*** Provided data ***
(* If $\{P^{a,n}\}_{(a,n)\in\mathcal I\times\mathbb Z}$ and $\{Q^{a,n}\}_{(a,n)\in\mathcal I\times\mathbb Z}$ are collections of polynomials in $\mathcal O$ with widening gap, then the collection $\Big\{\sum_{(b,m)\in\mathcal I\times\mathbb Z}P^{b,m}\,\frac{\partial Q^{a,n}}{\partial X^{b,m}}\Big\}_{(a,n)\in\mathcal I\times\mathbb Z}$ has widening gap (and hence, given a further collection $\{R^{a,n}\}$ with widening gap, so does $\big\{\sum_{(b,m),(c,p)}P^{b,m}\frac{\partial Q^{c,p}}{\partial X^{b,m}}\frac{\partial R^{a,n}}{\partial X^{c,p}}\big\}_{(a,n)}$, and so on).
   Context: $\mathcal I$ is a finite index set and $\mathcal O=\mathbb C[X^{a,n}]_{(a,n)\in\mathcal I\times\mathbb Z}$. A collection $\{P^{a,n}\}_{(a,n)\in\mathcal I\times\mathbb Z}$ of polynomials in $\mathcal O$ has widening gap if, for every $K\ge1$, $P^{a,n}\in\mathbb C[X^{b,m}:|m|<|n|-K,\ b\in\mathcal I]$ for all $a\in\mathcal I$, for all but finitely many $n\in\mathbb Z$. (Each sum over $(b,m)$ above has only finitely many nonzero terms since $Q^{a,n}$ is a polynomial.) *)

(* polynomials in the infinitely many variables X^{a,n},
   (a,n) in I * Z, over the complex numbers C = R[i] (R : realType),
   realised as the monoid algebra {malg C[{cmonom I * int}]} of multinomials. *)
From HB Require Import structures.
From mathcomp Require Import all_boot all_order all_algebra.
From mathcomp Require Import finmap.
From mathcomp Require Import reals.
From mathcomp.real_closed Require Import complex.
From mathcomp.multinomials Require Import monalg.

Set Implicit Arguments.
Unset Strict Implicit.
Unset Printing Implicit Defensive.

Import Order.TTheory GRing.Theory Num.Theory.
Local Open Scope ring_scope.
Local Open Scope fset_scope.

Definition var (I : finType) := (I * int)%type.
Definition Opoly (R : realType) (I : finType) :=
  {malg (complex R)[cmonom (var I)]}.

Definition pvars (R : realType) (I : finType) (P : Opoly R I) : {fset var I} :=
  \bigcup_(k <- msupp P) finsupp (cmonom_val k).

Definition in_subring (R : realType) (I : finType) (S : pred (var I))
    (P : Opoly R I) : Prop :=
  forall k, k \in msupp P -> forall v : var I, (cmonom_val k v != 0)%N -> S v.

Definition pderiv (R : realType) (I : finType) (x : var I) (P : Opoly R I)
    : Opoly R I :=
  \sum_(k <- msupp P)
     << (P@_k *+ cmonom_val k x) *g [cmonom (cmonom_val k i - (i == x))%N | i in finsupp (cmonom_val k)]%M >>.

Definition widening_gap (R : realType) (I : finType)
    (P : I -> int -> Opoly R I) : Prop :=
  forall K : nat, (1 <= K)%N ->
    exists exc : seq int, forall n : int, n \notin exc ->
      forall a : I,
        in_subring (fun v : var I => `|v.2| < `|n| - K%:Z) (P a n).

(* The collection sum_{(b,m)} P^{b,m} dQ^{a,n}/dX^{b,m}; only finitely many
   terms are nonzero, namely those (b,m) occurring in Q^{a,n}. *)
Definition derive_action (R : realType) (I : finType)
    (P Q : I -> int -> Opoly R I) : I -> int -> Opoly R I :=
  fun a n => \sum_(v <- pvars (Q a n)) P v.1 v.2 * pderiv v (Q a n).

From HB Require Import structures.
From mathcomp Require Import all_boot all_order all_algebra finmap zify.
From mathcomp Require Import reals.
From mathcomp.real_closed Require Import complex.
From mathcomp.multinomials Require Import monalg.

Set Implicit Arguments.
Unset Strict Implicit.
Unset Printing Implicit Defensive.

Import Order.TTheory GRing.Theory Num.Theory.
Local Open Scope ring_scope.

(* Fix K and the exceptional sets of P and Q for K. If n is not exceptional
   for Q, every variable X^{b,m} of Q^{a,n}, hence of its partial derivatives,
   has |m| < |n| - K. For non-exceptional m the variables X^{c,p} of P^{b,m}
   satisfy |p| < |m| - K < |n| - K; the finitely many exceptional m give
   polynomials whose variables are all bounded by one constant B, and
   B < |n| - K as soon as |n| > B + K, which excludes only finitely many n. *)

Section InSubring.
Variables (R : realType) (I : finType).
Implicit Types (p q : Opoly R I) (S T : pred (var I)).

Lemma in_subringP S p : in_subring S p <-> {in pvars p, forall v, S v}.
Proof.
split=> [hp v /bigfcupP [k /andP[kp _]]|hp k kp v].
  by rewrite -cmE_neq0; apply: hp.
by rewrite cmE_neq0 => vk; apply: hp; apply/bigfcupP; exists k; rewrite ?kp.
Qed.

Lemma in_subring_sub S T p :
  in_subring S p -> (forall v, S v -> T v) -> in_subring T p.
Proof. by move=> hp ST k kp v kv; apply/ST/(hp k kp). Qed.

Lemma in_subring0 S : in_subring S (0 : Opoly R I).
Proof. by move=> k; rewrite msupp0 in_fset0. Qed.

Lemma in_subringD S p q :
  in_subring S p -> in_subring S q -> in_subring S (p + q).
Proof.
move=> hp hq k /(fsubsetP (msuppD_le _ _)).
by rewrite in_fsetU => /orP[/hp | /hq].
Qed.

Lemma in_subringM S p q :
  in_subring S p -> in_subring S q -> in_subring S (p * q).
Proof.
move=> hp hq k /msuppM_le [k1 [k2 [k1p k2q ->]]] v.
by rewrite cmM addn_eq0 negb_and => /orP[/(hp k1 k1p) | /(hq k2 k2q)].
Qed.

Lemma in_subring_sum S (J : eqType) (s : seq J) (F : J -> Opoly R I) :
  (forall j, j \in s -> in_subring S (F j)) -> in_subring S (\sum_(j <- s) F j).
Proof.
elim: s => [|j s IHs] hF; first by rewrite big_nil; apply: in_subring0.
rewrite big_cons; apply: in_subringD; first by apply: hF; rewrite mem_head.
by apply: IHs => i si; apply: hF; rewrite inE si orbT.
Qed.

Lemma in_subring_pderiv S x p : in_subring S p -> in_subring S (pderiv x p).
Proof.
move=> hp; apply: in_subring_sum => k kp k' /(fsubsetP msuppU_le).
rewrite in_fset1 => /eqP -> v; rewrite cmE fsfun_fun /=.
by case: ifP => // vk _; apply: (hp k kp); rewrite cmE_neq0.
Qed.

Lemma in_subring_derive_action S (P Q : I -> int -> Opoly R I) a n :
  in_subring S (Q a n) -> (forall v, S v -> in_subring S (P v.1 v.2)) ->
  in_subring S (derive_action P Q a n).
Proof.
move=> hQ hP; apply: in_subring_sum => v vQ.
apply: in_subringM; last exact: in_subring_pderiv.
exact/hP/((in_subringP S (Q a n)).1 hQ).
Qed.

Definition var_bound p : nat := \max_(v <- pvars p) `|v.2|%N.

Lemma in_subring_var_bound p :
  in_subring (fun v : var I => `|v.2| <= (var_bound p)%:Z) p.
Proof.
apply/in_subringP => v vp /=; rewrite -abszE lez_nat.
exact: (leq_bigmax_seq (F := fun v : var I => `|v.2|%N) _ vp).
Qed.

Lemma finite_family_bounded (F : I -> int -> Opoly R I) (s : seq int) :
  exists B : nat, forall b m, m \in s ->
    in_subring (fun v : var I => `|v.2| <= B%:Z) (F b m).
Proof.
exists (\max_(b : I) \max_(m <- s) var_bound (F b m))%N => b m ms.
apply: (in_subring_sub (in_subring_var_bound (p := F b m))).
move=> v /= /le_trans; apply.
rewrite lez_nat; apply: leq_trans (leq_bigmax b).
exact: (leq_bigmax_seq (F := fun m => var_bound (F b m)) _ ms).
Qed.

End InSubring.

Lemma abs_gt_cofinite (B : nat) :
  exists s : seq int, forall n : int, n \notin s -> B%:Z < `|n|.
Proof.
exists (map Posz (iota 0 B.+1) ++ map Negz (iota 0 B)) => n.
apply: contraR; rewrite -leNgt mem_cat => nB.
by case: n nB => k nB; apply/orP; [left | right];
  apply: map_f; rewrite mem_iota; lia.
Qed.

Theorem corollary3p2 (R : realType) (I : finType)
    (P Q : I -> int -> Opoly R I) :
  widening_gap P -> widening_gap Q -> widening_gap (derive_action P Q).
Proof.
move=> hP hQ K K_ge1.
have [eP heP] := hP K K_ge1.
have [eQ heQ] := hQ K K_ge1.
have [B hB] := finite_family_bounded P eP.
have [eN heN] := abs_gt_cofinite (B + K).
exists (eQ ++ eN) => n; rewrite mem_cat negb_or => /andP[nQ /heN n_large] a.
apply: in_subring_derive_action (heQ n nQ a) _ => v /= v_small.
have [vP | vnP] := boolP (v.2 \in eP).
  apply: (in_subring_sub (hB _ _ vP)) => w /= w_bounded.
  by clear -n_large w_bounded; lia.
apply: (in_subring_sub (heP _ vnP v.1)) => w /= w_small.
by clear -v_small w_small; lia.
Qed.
*** End of Provided data ***
▶ _Problem requirements_: Only a number should come back: the count of lines above that include "bigfcupP".

▶ _Response area_: 2